Australia to Take Japan to Court over Whaling

In this photo released by Japan's Institute of Cetacean Research, workers measure a captured mike whale on the deck of Japanese factory ship, the Nisshin Maru, as Sea Shepherd's ship, the M/Y Steve Irwin, partly seen on left top, follows from behind in the Ross Sea, off Antarctica, early Friday, Feb. 6, 2009. AP Photo/Inst. Cetacean Research

Australia announced on Friday it will take Japan to the International Court of Justice in a major escalation of its campaign to prevent whaling in the Antarctic Ocean.

The decision to take legal action against Australia's important trading partner underlines the government's "commitment to bring to an end Japan's program of so-called scientific whaling" in the southern seas, Environment Minister Peter Garrett and Attorney-General Robert McClelland said in a joint statement.

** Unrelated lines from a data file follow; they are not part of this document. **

Lemma sqrt_chainS_sqr i : P i.+1 ^+ 2 = m * P i.
Proof. by rewrite /= sqr_sqrtr // mulr_ge0 ?ltW ?sqrt_chain_gt0. Qed.

Lemma sqrt_chain_exp i : P i ^+ (2 ^ i) = m ^+ (2 ^ i - 1) * p0.
Proof.
elim: i => [|i IH]; first by rewrite expr1 subnn expr0 mul1r.
rewrite expnS exprM sqrt_chainS_sqr exprMn IH mulrA -exprD.
by congr (_ ^+ _ * _); have := expn_gt0 2 i; lia.
Qed.

Lemma sqrt_chain_ratio i : 256 ^+ (2 ^ i) * p0 <= m -> 16 * P i <= P i.+1.
Proof.
move=> cond; have P_ge0 j : 0 <= P j by apply/ltW/sqrt_chain_gt0.
have step : 256 * P i <= m.
  have pow_gt0 : (0 < 2 ^ i)%N by rewrite expn_gt0.
  rewrite -(ler_pXn2r pow_gt0) ?nnegrE ?mulr_ge0 ?(ltW m_gt0) //.
  rewrite exprMn sqrt_chain_exp mulrCA.
  have -> : m ^+ (2 ^ i) = m ^+ (2 ^ i - 1) * m by rewrite -exprSr; congr (_ ^+ _); lia.
  by rewrite ler_pM2l ?exprn_gt0.
rewrite -(ler_pXn2r (isT : (0 < 2)%N)) ?nnegrE ?mulr_ge0 //.
rewrite sqrt_chainS_sqr exprMn expr2 mulrA ler_wpM2r //; lra.
Qed.

End SqrtChain.

Lemma growth_bound m p0 (b : nat -> R) k :
  0 < m -> 0 < p0 -> (forall i, 0 <= b i) ->
  (forall i (T : nat), (0 < T)%N -> b i.+1 * T%:R <= b i * (T%:R + 1) * T%:R + 2 * m) ->
  b 0%N <= 32 * p0 -> (forall i, (i < k)%N -> 256 ^+ (2 ^ i) * p0 <= m) ->
  b k ^+ (2 ^ k) <= 32 ^+ (2 ^ k) * (m ^+ (2 ^ k - 1) * p0).
Proof.
move=> m_gt0 p0_gt0 b_ge0 rec b0 cond.
suff bk : b k <= 32 * sqrt_chain m p0 k.
  rewrite -sqrt_chain_exp // -exprMn; apply: lerXn2r bk; rewrite nnegrE //.
  by rewrite mulr_ge0 // ltW // sqrt_chain_gt0.
elim: k cond => [//|k IH] cond.
apply: (growth_step (sqrt_chain_gt0 m_gt0 p0_gt0 k) _
  (sqrt_chainS_sqr m_gt0 p0_gt0 k) _ (rec k)).
  exact/sqrt_chain_ratio/cond.
by apply: IH => i ik; apply: cond; apply: ltnW.
Qed.

End GrowthRecurrence.

Section ReachBounds.
Variables (R : realType) (n : nat) (h : seq ('I_n * 'I_n)).
Hypothesis bal_h : balanced h.
Local Notation M := (size h).
Local Open Scope ring_scope.

Lemma reach_growth_real e i (T : nat) : (0 < T)%N ->
  #|reach h e i.+1|%:R * T%:R <= #|reach h e i|%:R * (T%:R + 1) * T%:R + 2 * M%:R :> R.
Proof.
move=> T_gt0; have := reach_growth e i T_gt0 bal_h.
by rewrite -(ler_nat R) !natrD !natrM; lra.
Qed.

Lemma card_reach_exp_le e k : (256 ^ (2 ^ k.-1) <= M)%N ->
  (#|reach h e k| ^ (2 ^ k) <= 32 ^ (2 ^ k) * M ^ (2 ^ k - 1))%N.
Proof.
move=> hM; rewrite -(ler_nat R) natrM !natrX -[X in _ <= _ * X]mulr1.
apply: (@growth_bound R M%:R 1 (fun j => #|reach h e j|%:R) k) => //.
- by rewrite ltr0n; apply: leq_trans hM; rewrite expn_gt0.
- exact: reach_growth_real.
- by rewrite /= cards1; lra.
move=> i ik; rewrite mulr1 -natrX ler_nat; apply: leq_trans hM.
by rewrite leq_pexp2l // leq_pexp2l //; lia.
Qed.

Japan gets around an international ban on commercial whaling by arguing that it harpoons hundreds of whales each year for scientific research.

Australia's announcement came after the International Whaling Commission chairman Cristian Maquieira on Thursday expressed optimism that nations gathering in Morocco next month can settle a long-running dispute over the hunting of whales.

But senior U.S. official Monica Medina signaled difficult negotiations ahead over a contentious IWC proposal that would effectively allow commercial whaling for the first time in 25 years, though under strict quotas set by the commission.

Australia said it had enjoyed support from other IWC members, including the European Union and Latin American countries who shared its goals and concerns.

"But to date, the response of the whaling countries has not been positive," the joint statement said.

"Recent statements by whaling countries in the commission have provided Australia with little cause for hope that our serious commitment to conservation of the world's whales will be reflected in any potential IWC compromise agreement," it added.

Japan, Norway and Iceland, which harpoon around 2,000 whales annually, argue that many species are abundant enough to continue hunting them. They are backed by around half the IWC's 88 member nations.

Australia has declared the southern seas a whale sanctuary and has long lobbied for an end to whaling there.

Prime Minister Kevin Rudd's center-left Labor Party was elected to government in 2007 on a promise to take Japan to court to end what Australia argues is commercial whaling in disguise.

But after winning government, Rudd announced that Australia would focus on diplomatic efforts to persuade Japan to end its annual whale hunt.

The announcement on Friday delivers on Labor's promise months from an election on a date to be announced late this year.